Why predictive police don't work
A simulation by Carnegie Mellon University explains how, even moving from the datasets relating to arrests to those on complaints, the areas "at greatest risk" are indicated in an unbalanced and useless way by the algorithms
(photo: Ann Hermes / The Christian Science Monitor) Even using other starting datasets, for example victim complaints instead of arrests, predictive police systems - those that indicate where and when certain crimes are likely to occur based on what they can learn from the past - do not work. In the sense that they return a very different situation from the one that actually occurred and are substantially useless, because they carry various kinds of prejudices and imbalances.Indeed, if the topic of algorithmic bias has been central to the 'analysis and criticism of automated systems, from facial recognition to platforms for professional selection or precisely for city safety, a Carnegie Mellon University survey now demonstrates that changing the starting data is not enough to solve the problem. Rather. One of the recurring escape routes for those who develop these hotspot analysis systems, such as Keystats, HunchLab, Palantir, the German Precobs or PredPol - the most widespread in the United States born in 2008 from a joint collaboration between the Los Angeles Police Department and UCLA expert Jeff Brantigham - is having used the complaints collected in a certain neighborhood to feed the algorithms instead of police reports or information on arrests made in that specific city area. The Italian KeyCrime, on the other hand, works in a different way.
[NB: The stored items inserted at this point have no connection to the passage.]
(* Let $\mathcal{F}^*=\{f\in\bar{\mathcal{F}} : \mathbb{E}_{\theta}[f(Z)]\le C \text{ for all }\theta\in\Theta_0\}$ (the rescaled set $C\cdot\mathcal{E}$ of all $e$-values, within the ambient class), and let $\mathcal{F}'\subseteq\bar{\mathcal{F}}$ be any incentive-aligned menu; assume the attainment assumption holds for both. Assume that for each $\theta\in\Theta_1$ the map $L\mapsto u(\theta,L)$ is affine on $[0,\infty)$. Then for every probability distribution $Q$ on $\Theta$, $$U(Q,\mathcal{F}^* )\ \ge\ U(Q,\mathcal{F}'),$$ regardless of which maximizers the agents select as best responses.
   Context: Let $\Theta$ be a set of types partitioned as $\Theta=\Theta_0\sqcup\Theta_1$ (null and nonnull types), and let $(P_\theta)_{\theta\in\Theta}$ be probability distributions on a measurable space $\mathcal{Z}$; $\mathbb{E}_\theta$ denotes expectation with $Z\sim P_\theta$. Fix a cost $C>0$. Fix an ambient class $\bar{\mathcal{F}}$ of measurable functions $f:\mathcal{Z}\to[0,\infty)$ (''license functions'') with $\mathbb{E}_\theta[f(Z)]<\infty$ for all $\theta$. A menu is a subset $\mathcal{F}\subseteq\bar{\mathcal{F}}$; the attainment assumption for $\mathcal{F}$ means that for every $\theta$, $\sup_{f\in\mathcal{F}}\mathbb{E}_\theta[f(Z)]$ is attained when $\mathcal{F}\ne\emptyset$. Agent behavior: an agent of type $\theta$ offered $\mathcal{F}$ opts in ($I=1$) iff $\mathcal{F}\neq\emptyset$ and $\max_{f\in\mathcal{F}}\mathbb{E}_\theta[f(Z)]>C$, in which case it selects some maximizer $f^{\mathrm{br}}(\cdot;\theta,\mathcal{F})\in\arg\max_{f\in\mathcal{F}}\mathbb{E}_\theta[f(Z)]$; otherwise it opts out ($I=0$). The realized license is $L=f^{\mathrm{br}}(Z;\theta,\mathcal{F})$ with $Z\sim P_\theta$. The principal's utility is a function $u:\Theta\times[0,\infty)\to\mathbb{R}$ such that: for $\theta\in\Theta_1$, $u(\theta,\cdot)$ is nondecreasing and $u(\theta,L)\ge 0$; for $\theta\in\Theta_0$, $u(\theta,\cdot)$ is nonincreasing, $u(\theta,0)\le0$ and $u(\theta,L)<0$ for all $L>0$. For a probability distribution $Q$ on $\Theta$, $U(Q,\mathcal{F})=\mathbb{E}_{\theta\sim Q}\big[\mathbb{E}_{Z\sim P_\theta}[u(\theta,L)\cdot I\mid\theta]\big]$. A menu $\mathcal{F}$ is incentive-aligned if $\mathbb{E}_\theta[f(Z)]\le C$ for all $\theta\in\Theta_0$ and all $f\in\mathcal{F}$. An $e$-value is a measurable $g\ge 0$ with $\mathbb{E}_\theta[g(Z)]\le 1$ for all $\theta\in\Theta_0$, and $\mathcal{E}$ is the set of $e$-values. *)

From HB Require Import structures.
From mathcomp Require Import all_boot all_order all_algebra.
From mathcomp Require Import all_classical all_reals all_analysis.
Set Implicit Arguments. Unset Strict Implicit. Unset Printing Implicit Defensive.
Import Order.TTheory GRing.Theory Num.Theory.
Local Open Scope classical_set_scope.
Local Open Scope ring_scope.
Local Open Scope ereal_scope.

Section Defs.
Context (R : realType) (dZ : measure_display) (Z : measurableType dZ)
        (Theta : Type) (P : Theta -> probability Z R).

Definition Ex (th : Theta) (f : Z -> R) : \bar R := \int[P th]_z (f z)%:E.

Definition attains (F : set (Z -> R)) : Prop :=
  forall th, F !=set0 ->
    exists2 f, F f & forall g, F g -> Ex th g <= Ex th f.

Definition opts_in (C : R) (th : Theta) (F : set (Z -> R)) : Prop :=
  F !=set0 /\ C%:E < ereal_sup [set Ex th f | f in F].

Definition I_opt (C : R) (th : Theta) (F : set (Z -> R)) : R :=
  \1_[set t | opts_in C t F] th.

Definition best_response (C : R) (F : set (Z -> R)) (br : Theta -> Z -> R)
  : Prop :=
  forall th, opts_in C th F ->
    F (br th) /\ forall g, F g -> Ex th g <= Ex th (br th).

Definition incentive_aligned (C : R) (Theta0 : set Theta)
  (F : set (Z -> R)) : Prop :=
  forall th f, Theta0 th -> F f -> Ex th f <= C%:E.

Definition Fstar (C : R) (Theta0 : set Theta) (Fbar : set (Z -> R))
  : set (Z -> R) :=
  [set f | Fbar f /\ forall th, Theta0 th -> Ex th f <= C%:E].

End Defs.

Definition Uprin (R : realType) (dZ : measure_display) (Z : measurableType dZ)
  (dT : measure_display) (Theta : measurableType dT)
  (P : Theta -> probability Z R) (C : R) (u : Theta -> R -> R)
  (Q : probability Theta R) (F : set (Z -> R)) (br : Theta -> Z -> R)
  : \bar R :=
  \int[Q]_th (\int[P th]_z (u th (br th z) * I_opt P C th F)%:E).

(** A nonnull type that opts in under an incentive-aligned menu F' also opts in
    under F*, which contains F', and its best response in F* has at least the
    expected license of its best response in F'; since its utility is affine and
    nondecreasing, its expected utility is affine with nonnegative slope in the
    expected license.  A nonnull type opting in only under F* contributes a
    nonnegative utility, and null types opt out of both menus because both are
    incentive aligned.  Integrating this type-wise comparison against Q gives
    the result. *)

From HB Require Import structures.
From mathcomp Require Import all_boot all_order all_algebra.
From mathcomp Require Import all_classical all_reals all_analysis.
Set Implicit Arguments. Unset Strict Implicit. Unset Printing Implicit Defensive.
Import Order.TTheory GRing.Theory Num.Theory.
Local Open Scope classical_set_scope.
Local Open Scope ring_scope.
Local Open Scope ereal_scope.

(* No measurability is assumed: the type-wise integrands below involve the
   best-response selections, which are arbitrary functions of the type. *)
Lemma le_integral_pointwise d (T : measurableType d) (R : realType)
    (mu : measure T R) (f g : T -> \bar R) :
  (forall x, f x <= g x) -> \int[mu]_x f x <= \int[mu]_x g x.
Proof.
move=> fg; rewrite /integral /= !patch_setT.
apply: leeB; apply: ereal_sup_le => _ [h hf <-]; exists h => //= x.
  by apply: le_trans (hf x) _; rewrite !funeposE le_max2.
by apply: le_trans (hf x) _; rewrite !funenegE le_max2 // leeN2.
Qed.

Lemma integral_affine d (T : measurableType d) (R : realType)
    (mu : probability T R) (f : T -> R) (a b : R) :
  mu.-integrable setT (EFin \o f) ->
  \int[mu]_z (a + b * f z)%:E = a%:E + b%:E * \int[mu]_z (f z)%:E.
Proof.
move=> intf; under eq_integral => z _ do rewrite EFinD EFinM.
rewrite integralD //; last exact: integrableZl.
- by rewrite integral_cst // [X in a%:E * X]probability_setT mule1 integralZl.
- exact: finite_measure_integrable_cst.
Qed.

Lemma affine_nondecreasing_slope_ge0 (R : realType) (u : R -> R) (a b : R) :
  (forall L, (0 <= L)%R -> u L = (a + b * L)%R) ->
  (forall x y, (0 <= x)%R -> (x <= y)%R -> (u x <= u y)%R) -> (0 <= b)%R.
Proof.
move=> uE umono; have := umono 0%R 1%R (lexx _) ler01.
by rewrite !uE ?ler01 // mulr0 mulr1 addr0 lerDl.
Qed.

Section Menus.
Context (R : realType) (dZ : measure_display) (Z : measurableType dZ)
        (Theta : Type) (P : Theta -> probability Z R) (C : R).

Lemma I_opt_in th F : opts_in P C th F -> I_opt P C th F = 1%R.
Proof. by move=> h; rewrite /I_opt indicE mem_set. Qed.

Lemma I_opt_out th F : ~ opts_in P C th F -> I_opt P C th F = 0%R.
Proof. by move=> h; rewrite /I_opt indicE memNset. Qed.

Lemma opts_in_subset th F G : F `<=` G -> opts_in P C th F -> opts_in P C th G.
Proof.
move=> FG [[f Ff] hsup]; split; first by exists f; apply: FG.
by apply: (lt_le_trans hsup); apply: ereal_sup_le => _ [g Fg <-]; exists g;
  [apply: FG|].
Qed.

Lemma best_response_subset F G brF brG th :
  F `<=` G -> best_response P C F brF -> best_response P C G brG ->
  opts_in P C th F -> Ex P th (brF th) <= Ex P th (brG th).
Proof.
move=> FG hbrF hbrG hin; have [FbrF _] := hbrF th hin.
by apply: (hbrG th (opts_in_subset FG hin)).2; apply: FG.
Qed.

Lemma incentive_aligned_opts_out Theta0 F th :
  incentive_aligned P C Theta0 F -> Theta0 th -> ~ opts_in P C th F.
Proof.
move=> hia h0 [_]; apply/negP; rewrite -leNgt.
by apply: ge_ereal_sup => _ [f Ff <-]; apply: hia.
Qed.

Lemma Fstar_incentive_aligned Theta0 Fbar :
  incentive_aligned P C Theta0 (Fstar P C Theta0 Fbar).
Proof. by move=> th f h0 [_ hf]; apply: hf. Qed.

Lemma incentive_aligned_sub_Fstar Theta0 Fbar F :
  F `<=` Fbar -> incentive_aligned P C Theta0 F ->
  F `<=` Fstar P C Theta0 Fbar.
Proof. by move=> FFbar hia f Ff; split; [apply: FFbar|move=> th h0; apply: hia]. Qed.

End Menus.

Section TypewiseUtility.
Context (R : realType) (dZ : measure_display) (Z : measurableType dZ)
        (Theta : Type) (P : Theta -> probability Z R) (C : R)
        (u : Theta -> R -> R).

Definition type_utility th (F : set (Z -> R)) (br : Theta -> Z -> R) : \bar R :=
  \int[P th]_z (u th (br th z) * I_opt P C th F)%:E.

Lemma type_utility_out th F br : ~ opts_in P C th F -> type_utility th F br = 0.
Proof.
move=> hout; rewrite /type_utility I_opt_out //.
by apply: integral0_eq => z _; rewrite mulr0.
Qed.

Lemma type_utility_in th F br : opts_in P C th F ->
  type_utility th F br = \int[P th]_z (u th (br th z))%:E.
Proof.
by move=> hin; rewrite /type_utility I_opt_in //; under eq_integral do rewrite mulr1.
Qed.

Lemma type_utility_ge0 th F br :
  (forall L, (0 <= L)%R -> (0 <= u th L)%R) -> best_response P C F br ->
  (forall f z, F f -> (0 <= f z)%R) -> 0 <= type_utility th F br.
Proof.
move=> u_ge0 hbr F_ge0; have [hin|hout] := pselect (opts_in P C th F).
  rewrite type_utility_in //; apply: integral_ge0 => z _; rewrite lee_fin.
  by apply: u_ge0; apply: F_ge0 (hbr th hin).1.
by rewrite type_utility_out.
Qed.

Lemma type_utility_affine th F br (a b : R) :
  (forall L, (0 <= L)%R -> u th L = (a + b * L)%R) ->
  opts_in P C th F -> (forall z, (0 <= br th z)%R) ->
  (P th).-integrable setT (EFin \o br th) ->
  type_utility th F br = a%:E + b%:E * Ex P th (br th).
Proof.
move=> uE hin br_ge0 intbr; rewrite type_utility_in //.
by under eq_integral => z _ do rewrite uE //; rewrite integral_affine.
Qed.

End TypewiseUtility.

Theorem theorem2p4 (R : realType) (dZ : measure_display) (Z : measurableType dZ)
  (dT : measure_display) (Theta : measurableType dT)
  (P : Theta -> probability Z R) (Theta0 : set Theta) (C : R) (hC : (0 < C)%R)
  (Fbar : set (Z -> R))
  (hFbar : forall f, Fbar f ->
     [/\ measurable_fun setT f, (forall z, (0 <= f z)%R) &
         forall th, (P th).-integrable setT (EFin \o f)])
  (u : Theta -> R -> R)
  (hu1 : forall th, ~ Theta0 th ->
     (forall x y, (0 <= x)%R -> (x <= y)%R -> (u th x <= u th y)%R) /\
     (forall L, (0 <= L)%R -> (0 <= u th L)%R))
  (hu0 : forall th, Theta0 th ->
     [/\ (forall x y, (0 <= x)%R -> (x <= y)%R -> (u th y <= u th x)%R),
         (u th 0 <= 0)%R &
         (forall L, (0 < L)%R -> (u th L < 0)%R)])
  (F' : set (Z -> R)) (hF'sub : F' `<=` Fbar)
  (hF'ia : incentive_aligned P C Theta0 F')
  (hattS : attains P (Fstar P C Theta0 Fbar))
  (hatt' : attains P F')
  (haff : forall th, ~ Theta0 th ->
     exists a b : R, forall L, (0 <= L)%R -> u th L = (a + b * L)%R)
  (Q : probability Theta R)
  (brS br' : Theta -> Z -> R)
  (hbrS : best_response P C (Fstar P C Theta0 Fbar) brS)
  (hbr' : best_response P C F' br') :
  Uprin P C u Q F' br' <= Uprin P C u Q (Fstar P C Theta0 Fbar) brS.
Proof.
set FS := Fstar P C Theta0 Fbar.
have F'FS : F' `<=` FS by exact: incentive_aligned_sub_Fstar.
have FS_Fbar f : FS f -> Fbar f by case.
apply: le_integral_pointwise => th; rewrite -!/(type_utility P C u th _ _).
have [h0|h1] := pselect (Theta0 th).
  rewrite !type_utility_out //; apply: incentive_aligned_opts_out h0 => //.
  exact: Fstar_incentive_aligned.
have [umono u_ge0] := hu1 th h1.
have [hin'|hout'] := pselect (opts_in P C th F'); last first.
  rewrite type_utility_out //; apply: type_utility_ge0 => // f z /FS_Fbar.
  by case/hFbar => _ + _; apply.
have hinS := opts_in_subset F'FS hin'.
have [a [b uE]] := haff th h1.
have [/hF'sub/hFbar [_ br'_ge0 int_br'] _] := hbr' th hin'.
have [/FS_Fbar/hFbar [_ brS_ge0 int_brS] _] := hbrS th hinS.
rewrite !(type_utility_affine uE) // leeD2l // lee_wpmul2l ?lee_fin //.
- exact: affine_nondecreasing_slope_ge0 uE umono.
- exact: best_response_subset F'FS hbr' hbrS hin'.
Qed.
Nil-Jana Akpinar and Alexandra Chouldechova of the University of Pittsburgh and Maria De-Arteaga of the University of Texas have instead tried in the paper entitled "The effect of differential victim crime reporting on predictive policing systems" as well 'use of that initial information produces biased predictions to say the least. In essence, it is of little use if not harmful, as well as discriminatory, in the fight against crime. The group of researchers built an algorithm on their own following the same model applied by some very popular platforms, including PredPol used by several dozen police departments. She then trained the model on the basis of complaints by drawing on data from the metropolis of Bogota, Colombia, one of the few cities for which we have independent data on crime reporting at the district level.
When the three experts compared the predictions of their PredPol-like platform with real data for each district of the Colombian capital uncovered a large number of errors. Among the many, in a district where few crimes had been reported, the platform had foreseen 20% of the areas with the highest crime rate. In another area with a high number of cases, the algorithm, however, overloaded the forecasts by a further 20%. In both cases, providing incorrect if not counterproductive indications, especially in the first. "Our findings suggest that differential crime reporting rates may lead to a shift in areas to pay more attention to from high crime but low reporting to high or medium crime and high reporting. - this can lead to bad decisions both in terms of excessive and poor surveillance ".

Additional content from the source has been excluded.